Required work:
Every line in the records below that holds the word "same" is to be copied.

+===+

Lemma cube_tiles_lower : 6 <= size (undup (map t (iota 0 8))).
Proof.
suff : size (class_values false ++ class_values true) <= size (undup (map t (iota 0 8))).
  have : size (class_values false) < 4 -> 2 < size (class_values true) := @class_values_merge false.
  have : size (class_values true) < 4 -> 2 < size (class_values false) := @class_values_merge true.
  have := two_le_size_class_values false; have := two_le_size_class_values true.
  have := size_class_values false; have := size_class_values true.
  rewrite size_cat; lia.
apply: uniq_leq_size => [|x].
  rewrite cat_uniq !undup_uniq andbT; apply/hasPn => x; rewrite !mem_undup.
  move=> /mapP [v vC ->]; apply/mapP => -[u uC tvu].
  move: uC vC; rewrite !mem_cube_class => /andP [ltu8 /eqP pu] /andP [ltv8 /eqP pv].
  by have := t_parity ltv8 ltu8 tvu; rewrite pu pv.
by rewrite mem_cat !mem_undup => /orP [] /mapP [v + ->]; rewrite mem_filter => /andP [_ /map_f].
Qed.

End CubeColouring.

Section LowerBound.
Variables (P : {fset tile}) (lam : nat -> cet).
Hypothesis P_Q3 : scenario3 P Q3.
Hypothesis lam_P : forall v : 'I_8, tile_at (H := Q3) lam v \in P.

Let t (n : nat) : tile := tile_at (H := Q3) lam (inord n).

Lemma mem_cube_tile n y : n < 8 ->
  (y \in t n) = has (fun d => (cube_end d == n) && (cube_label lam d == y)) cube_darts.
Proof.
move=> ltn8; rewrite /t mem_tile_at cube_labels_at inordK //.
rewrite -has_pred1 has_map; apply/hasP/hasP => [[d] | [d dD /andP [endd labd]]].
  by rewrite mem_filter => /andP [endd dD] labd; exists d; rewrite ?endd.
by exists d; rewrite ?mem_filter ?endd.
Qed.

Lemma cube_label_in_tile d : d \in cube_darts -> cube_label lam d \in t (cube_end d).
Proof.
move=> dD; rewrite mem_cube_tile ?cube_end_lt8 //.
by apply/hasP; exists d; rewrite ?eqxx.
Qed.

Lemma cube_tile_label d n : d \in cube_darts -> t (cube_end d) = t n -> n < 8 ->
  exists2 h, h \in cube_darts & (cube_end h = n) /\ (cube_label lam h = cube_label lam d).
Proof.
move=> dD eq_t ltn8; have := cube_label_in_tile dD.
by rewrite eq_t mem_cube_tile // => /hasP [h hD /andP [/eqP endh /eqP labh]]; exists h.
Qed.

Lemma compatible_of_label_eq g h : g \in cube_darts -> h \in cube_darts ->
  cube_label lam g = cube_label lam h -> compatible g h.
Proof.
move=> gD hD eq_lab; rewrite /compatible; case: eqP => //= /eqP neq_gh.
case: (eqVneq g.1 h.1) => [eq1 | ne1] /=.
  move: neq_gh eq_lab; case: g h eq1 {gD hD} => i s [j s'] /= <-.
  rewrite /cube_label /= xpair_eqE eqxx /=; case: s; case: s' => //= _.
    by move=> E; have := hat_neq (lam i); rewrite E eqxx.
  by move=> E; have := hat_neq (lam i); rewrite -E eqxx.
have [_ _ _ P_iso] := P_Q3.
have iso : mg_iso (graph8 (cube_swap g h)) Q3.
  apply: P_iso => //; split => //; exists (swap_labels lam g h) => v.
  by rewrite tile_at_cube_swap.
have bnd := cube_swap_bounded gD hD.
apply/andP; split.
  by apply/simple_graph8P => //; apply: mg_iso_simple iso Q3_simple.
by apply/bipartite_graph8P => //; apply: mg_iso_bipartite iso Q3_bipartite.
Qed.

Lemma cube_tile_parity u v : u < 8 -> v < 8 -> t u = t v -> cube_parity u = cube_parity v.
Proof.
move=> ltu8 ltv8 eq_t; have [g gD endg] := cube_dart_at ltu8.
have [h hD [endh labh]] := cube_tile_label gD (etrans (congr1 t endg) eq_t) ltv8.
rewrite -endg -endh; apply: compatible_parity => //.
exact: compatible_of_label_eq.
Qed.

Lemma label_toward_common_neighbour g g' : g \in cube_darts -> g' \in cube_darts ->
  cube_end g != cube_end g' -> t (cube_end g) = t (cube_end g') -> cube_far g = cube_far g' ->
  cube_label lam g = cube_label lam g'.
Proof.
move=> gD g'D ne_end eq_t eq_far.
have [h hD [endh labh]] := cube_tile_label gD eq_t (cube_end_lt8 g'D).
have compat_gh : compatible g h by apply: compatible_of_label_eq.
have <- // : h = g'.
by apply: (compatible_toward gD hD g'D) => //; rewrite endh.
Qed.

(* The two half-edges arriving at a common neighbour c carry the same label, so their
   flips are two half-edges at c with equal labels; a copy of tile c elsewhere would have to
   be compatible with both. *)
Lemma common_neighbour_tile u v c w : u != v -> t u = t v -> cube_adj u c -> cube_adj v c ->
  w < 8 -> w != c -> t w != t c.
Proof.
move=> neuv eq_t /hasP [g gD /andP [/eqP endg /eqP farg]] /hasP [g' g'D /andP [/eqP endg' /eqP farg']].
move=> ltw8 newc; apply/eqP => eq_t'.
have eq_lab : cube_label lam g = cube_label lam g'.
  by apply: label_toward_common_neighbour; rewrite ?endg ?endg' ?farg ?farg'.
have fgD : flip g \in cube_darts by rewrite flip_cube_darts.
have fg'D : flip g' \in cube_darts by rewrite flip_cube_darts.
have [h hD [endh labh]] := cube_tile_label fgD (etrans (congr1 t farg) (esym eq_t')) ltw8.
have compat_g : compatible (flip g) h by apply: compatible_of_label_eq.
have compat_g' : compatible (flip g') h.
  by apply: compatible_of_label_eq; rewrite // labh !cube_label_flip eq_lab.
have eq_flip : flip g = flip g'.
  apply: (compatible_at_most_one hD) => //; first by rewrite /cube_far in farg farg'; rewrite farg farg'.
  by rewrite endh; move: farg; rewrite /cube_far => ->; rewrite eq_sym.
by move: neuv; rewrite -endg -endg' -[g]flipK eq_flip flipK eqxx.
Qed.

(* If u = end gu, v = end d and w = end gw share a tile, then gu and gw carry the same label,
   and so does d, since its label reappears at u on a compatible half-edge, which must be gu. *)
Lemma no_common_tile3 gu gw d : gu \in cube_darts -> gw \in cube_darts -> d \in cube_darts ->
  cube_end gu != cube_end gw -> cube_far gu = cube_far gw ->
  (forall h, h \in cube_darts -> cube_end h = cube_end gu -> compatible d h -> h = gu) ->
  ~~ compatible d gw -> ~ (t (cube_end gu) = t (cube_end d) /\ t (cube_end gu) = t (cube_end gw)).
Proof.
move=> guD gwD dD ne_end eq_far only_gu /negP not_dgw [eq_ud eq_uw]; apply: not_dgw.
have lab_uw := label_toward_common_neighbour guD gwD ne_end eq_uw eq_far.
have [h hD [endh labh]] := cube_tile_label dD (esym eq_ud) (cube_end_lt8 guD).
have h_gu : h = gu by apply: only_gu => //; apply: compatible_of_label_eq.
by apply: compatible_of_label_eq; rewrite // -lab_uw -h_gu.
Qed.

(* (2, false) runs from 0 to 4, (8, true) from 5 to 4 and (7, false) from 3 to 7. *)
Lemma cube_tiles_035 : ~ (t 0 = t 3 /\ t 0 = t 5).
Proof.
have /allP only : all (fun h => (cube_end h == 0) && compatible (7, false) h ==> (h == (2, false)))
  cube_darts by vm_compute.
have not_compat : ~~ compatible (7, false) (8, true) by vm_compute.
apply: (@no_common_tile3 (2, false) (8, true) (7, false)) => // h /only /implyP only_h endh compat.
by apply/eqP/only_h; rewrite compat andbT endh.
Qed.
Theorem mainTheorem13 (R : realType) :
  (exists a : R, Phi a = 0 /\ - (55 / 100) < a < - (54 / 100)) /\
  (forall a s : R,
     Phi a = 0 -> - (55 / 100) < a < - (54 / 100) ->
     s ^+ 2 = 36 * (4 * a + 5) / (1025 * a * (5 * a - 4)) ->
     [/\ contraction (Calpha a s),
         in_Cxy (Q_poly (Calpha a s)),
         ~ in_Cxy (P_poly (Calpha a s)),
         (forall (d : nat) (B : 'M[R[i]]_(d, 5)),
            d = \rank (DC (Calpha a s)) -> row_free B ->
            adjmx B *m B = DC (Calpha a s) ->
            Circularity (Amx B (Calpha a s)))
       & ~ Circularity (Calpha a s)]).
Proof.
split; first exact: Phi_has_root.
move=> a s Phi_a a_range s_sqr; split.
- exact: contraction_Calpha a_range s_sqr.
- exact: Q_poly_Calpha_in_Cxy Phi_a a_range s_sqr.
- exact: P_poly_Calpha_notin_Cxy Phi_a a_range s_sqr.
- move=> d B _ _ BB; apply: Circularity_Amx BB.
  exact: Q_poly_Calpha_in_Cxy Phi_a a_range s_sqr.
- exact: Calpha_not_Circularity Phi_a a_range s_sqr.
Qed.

+===+

Finished exercise:
(* The two half-edges arriving at a common neighbour c carry the same label, so their
(* If u = end gu, v = end d and w = end gw share a tile, then gu and gw carry the same label,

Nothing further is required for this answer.